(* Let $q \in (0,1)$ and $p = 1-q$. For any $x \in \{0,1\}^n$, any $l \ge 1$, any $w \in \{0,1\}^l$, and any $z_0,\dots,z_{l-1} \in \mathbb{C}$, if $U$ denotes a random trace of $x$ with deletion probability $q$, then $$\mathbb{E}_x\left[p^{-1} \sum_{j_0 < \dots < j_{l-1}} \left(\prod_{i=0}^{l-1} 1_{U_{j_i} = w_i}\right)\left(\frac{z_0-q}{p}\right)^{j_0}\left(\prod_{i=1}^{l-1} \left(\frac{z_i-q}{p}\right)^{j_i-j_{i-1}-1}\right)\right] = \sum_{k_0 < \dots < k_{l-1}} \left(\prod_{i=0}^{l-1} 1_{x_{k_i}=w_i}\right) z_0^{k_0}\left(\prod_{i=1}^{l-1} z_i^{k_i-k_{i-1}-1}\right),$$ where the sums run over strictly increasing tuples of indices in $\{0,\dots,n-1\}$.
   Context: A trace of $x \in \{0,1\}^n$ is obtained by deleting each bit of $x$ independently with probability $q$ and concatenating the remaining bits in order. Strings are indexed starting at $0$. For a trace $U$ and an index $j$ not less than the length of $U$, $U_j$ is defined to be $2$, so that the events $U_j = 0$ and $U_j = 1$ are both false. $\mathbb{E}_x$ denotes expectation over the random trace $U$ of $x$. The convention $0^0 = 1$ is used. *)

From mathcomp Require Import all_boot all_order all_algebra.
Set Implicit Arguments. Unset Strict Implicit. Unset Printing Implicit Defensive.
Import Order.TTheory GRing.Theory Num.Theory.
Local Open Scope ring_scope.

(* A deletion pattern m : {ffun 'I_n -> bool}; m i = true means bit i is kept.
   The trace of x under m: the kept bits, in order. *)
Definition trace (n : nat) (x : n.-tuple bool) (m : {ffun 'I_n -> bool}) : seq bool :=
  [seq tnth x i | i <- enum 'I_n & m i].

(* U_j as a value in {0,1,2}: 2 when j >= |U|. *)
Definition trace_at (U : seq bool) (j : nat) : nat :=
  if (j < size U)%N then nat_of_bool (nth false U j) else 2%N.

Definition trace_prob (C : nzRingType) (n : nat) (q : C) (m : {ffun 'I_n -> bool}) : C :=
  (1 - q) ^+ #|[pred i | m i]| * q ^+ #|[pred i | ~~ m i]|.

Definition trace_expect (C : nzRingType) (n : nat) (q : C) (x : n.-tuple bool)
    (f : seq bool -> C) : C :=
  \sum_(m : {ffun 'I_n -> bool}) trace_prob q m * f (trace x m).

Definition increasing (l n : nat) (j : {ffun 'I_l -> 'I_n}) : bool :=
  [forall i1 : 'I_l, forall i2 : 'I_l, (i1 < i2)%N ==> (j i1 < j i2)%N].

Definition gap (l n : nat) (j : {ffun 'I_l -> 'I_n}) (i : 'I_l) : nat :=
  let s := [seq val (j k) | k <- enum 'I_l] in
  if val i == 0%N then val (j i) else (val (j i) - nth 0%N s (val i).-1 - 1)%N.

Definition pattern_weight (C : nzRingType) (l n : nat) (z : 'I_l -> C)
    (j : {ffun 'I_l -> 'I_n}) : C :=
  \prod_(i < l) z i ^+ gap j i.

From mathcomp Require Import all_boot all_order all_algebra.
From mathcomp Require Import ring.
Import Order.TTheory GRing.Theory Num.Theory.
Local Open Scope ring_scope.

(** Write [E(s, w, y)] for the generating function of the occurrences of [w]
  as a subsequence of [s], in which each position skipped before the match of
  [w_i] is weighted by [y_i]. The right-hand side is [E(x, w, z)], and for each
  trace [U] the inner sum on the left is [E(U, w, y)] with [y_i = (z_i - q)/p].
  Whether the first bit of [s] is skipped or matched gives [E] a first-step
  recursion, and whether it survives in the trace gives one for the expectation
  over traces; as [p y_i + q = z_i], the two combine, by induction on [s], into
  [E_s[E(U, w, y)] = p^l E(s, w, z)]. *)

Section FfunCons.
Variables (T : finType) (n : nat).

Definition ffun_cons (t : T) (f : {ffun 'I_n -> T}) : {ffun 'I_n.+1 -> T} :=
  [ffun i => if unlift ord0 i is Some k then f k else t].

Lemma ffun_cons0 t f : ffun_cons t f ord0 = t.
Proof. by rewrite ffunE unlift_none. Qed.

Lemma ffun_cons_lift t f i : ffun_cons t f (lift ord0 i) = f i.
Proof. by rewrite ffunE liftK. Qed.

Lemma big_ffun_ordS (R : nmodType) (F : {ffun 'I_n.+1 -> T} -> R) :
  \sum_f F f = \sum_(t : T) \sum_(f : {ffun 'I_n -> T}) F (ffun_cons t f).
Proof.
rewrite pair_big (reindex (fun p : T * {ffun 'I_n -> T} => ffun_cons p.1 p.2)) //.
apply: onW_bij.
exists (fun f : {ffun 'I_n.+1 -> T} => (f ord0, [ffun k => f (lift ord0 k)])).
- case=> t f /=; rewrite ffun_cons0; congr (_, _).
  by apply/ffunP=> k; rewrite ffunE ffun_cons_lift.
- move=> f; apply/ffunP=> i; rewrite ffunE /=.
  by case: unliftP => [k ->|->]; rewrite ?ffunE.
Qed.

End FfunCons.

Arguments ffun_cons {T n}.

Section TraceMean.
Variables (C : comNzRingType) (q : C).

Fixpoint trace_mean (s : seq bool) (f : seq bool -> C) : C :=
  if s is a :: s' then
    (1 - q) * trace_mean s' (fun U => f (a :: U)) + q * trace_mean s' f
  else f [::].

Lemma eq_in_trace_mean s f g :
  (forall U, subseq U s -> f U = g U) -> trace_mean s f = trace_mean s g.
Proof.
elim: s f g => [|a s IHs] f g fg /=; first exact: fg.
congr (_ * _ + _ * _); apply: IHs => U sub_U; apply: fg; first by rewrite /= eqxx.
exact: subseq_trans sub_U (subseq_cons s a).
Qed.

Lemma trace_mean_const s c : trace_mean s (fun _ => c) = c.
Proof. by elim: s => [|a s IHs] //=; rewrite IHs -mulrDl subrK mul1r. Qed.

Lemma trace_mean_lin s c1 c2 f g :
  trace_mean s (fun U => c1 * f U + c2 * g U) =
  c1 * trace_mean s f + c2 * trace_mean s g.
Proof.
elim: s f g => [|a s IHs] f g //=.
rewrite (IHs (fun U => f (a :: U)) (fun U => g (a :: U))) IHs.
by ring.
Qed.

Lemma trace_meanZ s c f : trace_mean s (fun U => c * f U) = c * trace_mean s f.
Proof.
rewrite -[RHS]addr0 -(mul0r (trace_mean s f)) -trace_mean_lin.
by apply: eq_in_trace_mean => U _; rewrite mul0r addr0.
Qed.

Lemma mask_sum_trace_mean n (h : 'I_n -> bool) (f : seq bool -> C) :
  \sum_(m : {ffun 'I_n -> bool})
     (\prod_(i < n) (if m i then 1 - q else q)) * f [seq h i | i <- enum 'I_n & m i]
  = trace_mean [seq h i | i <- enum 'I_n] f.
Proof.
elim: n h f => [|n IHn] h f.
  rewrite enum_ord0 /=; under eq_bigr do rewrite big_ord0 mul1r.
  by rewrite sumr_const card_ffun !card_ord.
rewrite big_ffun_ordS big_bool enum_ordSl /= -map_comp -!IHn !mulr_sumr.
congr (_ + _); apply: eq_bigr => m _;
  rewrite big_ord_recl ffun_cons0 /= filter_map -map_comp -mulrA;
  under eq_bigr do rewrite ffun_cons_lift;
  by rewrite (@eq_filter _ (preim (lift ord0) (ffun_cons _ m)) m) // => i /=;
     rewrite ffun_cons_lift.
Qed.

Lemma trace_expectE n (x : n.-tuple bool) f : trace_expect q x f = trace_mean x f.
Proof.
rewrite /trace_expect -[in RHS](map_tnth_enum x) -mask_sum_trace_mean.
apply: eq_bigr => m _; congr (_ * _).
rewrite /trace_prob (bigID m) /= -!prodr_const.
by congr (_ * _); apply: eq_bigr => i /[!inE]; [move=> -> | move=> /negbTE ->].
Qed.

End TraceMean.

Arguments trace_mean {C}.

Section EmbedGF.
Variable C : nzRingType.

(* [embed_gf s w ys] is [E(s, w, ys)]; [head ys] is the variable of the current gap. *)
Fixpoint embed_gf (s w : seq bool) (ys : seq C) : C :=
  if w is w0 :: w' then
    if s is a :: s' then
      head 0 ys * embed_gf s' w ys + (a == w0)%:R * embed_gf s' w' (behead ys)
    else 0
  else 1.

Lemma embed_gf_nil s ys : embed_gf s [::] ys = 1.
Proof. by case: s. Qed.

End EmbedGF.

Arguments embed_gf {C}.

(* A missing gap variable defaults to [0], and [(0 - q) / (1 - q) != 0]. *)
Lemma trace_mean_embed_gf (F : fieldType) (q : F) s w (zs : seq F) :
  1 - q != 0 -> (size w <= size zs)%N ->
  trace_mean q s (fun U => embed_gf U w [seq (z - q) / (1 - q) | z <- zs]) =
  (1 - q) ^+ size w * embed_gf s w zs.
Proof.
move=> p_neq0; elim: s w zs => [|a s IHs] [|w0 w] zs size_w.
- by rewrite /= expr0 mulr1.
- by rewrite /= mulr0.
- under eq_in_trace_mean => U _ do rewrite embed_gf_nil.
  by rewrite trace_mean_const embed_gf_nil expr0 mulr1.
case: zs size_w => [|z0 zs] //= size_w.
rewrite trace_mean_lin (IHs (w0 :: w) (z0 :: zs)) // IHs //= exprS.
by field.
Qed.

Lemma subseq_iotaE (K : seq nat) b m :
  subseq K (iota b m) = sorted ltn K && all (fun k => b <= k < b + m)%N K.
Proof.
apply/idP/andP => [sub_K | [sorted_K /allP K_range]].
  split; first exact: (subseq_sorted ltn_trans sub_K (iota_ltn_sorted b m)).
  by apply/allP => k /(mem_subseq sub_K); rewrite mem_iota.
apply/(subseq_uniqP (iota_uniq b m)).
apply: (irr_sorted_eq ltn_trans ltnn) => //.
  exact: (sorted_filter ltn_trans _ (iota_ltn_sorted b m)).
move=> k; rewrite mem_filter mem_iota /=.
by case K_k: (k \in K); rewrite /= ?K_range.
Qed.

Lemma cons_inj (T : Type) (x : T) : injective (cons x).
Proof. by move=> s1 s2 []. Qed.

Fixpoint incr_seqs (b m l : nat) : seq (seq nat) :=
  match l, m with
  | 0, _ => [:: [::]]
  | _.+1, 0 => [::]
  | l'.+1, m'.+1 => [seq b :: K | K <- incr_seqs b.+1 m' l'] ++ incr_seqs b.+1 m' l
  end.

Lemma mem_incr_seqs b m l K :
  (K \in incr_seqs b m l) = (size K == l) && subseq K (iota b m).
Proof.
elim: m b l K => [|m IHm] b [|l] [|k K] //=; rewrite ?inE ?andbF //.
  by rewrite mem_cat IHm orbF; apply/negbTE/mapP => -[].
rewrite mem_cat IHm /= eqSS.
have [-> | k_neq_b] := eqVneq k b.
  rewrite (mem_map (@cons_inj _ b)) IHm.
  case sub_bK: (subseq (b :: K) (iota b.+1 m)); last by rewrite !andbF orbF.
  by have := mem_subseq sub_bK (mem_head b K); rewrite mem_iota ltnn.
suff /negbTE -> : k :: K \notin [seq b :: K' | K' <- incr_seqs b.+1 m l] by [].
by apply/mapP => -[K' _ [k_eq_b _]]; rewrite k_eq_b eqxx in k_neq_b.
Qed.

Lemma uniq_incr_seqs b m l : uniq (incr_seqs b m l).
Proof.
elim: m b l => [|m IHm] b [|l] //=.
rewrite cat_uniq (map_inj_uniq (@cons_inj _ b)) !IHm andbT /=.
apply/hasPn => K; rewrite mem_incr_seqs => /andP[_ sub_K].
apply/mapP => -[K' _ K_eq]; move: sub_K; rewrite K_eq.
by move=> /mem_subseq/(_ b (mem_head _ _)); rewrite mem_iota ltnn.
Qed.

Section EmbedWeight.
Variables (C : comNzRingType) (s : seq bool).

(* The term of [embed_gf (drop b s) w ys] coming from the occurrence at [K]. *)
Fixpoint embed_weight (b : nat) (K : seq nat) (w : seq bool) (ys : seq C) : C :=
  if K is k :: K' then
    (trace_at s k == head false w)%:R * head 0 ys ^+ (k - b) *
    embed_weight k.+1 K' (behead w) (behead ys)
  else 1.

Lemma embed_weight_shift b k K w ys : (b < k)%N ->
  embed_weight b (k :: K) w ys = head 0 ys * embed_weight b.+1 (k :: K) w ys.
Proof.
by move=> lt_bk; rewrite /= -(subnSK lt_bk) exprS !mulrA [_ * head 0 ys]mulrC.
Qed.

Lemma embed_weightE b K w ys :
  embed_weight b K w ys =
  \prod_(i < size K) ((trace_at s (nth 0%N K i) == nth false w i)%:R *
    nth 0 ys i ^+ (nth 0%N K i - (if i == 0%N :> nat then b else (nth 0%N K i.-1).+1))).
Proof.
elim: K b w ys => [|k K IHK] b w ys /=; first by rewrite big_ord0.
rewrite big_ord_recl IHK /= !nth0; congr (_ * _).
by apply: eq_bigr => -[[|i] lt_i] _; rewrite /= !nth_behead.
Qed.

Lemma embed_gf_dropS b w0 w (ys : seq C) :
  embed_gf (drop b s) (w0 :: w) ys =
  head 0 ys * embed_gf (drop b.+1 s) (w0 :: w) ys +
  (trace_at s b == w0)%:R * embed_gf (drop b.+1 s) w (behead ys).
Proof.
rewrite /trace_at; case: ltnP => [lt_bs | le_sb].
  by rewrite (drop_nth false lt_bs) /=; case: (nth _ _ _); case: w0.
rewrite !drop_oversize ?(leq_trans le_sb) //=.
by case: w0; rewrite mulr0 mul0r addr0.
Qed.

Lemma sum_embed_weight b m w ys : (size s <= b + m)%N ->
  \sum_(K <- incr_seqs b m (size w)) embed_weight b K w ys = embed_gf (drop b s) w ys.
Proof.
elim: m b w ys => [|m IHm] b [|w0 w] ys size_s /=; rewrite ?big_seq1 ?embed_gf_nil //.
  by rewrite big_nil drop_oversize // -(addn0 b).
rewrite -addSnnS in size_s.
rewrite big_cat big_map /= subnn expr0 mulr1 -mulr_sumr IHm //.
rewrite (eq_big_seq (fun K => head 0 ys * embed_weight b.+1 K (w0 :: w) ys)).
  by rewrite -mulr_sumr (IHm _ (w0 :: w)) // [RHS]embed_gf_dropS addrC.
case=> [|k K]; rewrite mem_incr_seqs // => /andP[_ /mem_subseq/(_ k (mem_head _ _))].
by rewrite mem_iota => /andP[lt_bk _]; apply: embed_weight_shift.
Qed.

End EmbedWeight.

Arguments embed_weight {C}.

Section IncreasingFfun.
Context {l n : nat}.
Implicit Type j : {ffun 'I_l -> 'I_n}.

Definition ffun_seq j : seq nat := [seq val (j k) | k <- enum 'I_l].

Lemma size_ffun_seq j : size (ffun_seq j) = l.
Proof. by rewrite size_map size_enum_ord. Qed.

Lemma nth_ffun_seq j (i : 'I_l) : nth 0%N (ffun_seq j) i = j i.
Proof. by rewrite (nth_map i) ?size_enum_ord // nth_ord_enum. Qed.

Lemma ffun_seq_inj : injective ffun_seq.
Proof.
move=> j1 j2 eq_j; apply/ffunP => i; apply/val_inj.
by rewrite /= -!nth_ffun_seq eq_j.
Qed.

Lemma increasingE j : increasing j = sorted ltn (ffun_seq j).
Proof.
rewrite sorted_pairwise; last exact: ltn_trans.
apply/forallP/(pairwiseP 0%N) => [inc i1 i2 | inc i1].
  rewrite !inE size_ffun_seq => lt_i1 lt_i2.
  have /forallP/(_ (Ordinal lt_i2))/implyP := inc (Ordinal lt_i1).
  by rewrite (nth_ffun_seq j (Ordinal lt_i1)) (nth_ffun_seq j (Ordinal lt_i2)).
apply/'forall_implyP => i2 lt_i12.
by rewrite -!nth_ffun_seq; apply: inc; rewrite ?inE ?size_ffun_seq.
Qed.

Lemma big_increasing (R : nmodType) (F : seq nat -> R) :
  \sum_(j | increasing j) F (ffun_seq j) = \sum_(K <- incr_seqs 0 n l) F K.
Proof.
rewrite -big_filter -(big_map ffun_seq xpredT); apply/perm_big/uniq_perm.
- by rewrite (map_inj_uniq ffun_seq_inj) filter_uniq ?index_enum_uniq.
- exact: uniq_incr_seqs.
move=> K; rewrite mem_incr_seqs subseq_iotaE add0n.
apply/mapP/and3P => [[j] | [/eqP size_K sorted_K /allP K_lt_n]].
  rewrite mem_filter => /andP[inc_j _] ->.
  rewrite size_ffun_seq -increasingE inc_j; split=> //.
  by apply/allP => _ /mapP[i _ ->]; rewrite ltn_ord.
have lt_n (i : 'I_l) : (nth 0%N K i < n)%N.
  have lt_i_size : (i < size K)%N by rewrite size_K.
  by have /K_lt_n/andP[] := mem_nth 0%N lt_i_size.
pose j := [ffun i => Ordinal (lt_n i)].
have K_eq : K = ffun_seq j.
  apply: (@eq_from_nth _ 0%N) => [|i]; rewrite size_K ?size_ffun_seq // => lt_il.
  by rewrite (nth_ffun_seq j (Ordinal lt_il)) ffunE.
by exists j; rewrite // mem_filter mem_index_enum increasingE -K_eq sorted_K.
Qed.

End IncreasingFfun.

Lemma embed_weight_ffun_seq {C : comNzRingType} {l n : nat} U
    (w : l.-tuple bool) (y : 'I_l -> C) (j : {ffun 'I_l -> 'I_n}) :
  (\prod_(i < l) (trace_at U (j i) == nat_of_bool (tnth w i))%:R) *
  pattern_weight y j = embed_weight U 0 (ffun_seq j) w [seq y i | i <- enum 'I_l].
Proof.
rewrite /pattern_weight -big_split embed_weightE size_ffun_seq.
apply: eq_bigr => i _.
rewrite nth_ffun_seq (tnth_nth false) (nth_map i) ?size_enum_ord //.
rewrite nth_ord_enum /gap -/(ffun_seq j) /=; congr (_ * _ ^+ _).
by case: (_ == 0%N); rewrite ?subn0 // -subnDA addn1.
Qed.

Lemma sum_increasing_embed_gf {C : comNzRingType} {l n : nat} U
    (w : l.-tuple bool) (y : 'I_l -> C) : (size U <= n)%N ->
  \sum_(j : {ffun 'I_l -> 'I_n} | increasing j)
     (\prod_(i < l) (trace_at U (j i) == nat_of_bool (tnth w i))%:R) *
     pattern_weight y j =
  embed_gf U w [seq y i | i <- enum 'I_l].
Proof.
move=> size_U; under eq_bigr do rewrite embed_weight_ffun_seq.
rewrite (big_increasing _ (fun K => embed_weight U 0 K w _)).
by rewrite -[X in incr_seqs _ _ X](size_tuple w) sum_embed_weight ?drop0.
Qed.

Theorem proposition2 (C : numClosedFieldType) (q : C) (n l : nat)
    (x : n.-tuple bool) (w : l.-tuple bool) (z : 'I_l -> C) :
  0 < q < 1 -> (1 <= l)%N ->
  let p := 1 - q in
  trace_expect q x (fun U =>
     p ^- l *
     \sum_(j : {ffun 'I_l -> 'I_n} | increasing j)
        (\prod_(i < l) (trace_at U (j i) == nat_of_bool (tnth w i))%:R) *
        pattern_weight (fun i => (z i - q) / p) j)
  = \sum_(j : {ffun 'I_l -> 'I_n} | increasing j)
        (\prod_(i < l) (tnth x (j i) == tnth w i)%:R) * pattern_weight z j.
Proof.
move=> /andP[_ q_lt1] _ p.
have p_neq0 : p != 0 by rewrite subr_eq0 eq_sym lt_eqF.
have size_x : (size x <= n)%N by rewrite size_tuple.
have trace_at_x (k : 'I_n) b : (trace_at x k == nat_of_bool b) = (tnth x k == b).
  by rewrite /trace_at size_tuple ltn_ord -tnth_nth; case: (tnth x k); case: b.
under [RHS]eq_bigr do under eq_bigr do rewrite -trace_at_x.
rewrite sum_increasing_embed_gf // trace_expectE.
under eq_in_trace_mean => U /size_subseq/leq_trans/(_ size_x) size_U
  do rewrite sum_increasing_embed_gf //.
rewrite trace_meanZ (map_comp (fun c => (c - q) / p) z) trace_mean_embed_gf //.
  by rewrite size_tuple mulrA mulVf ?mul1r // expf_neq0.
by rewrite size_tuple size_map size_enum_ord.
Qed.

### What this task involves
Find how many lines in the material hold the word "EmbedWeight" and state that number alone.

### Result for this exercise
2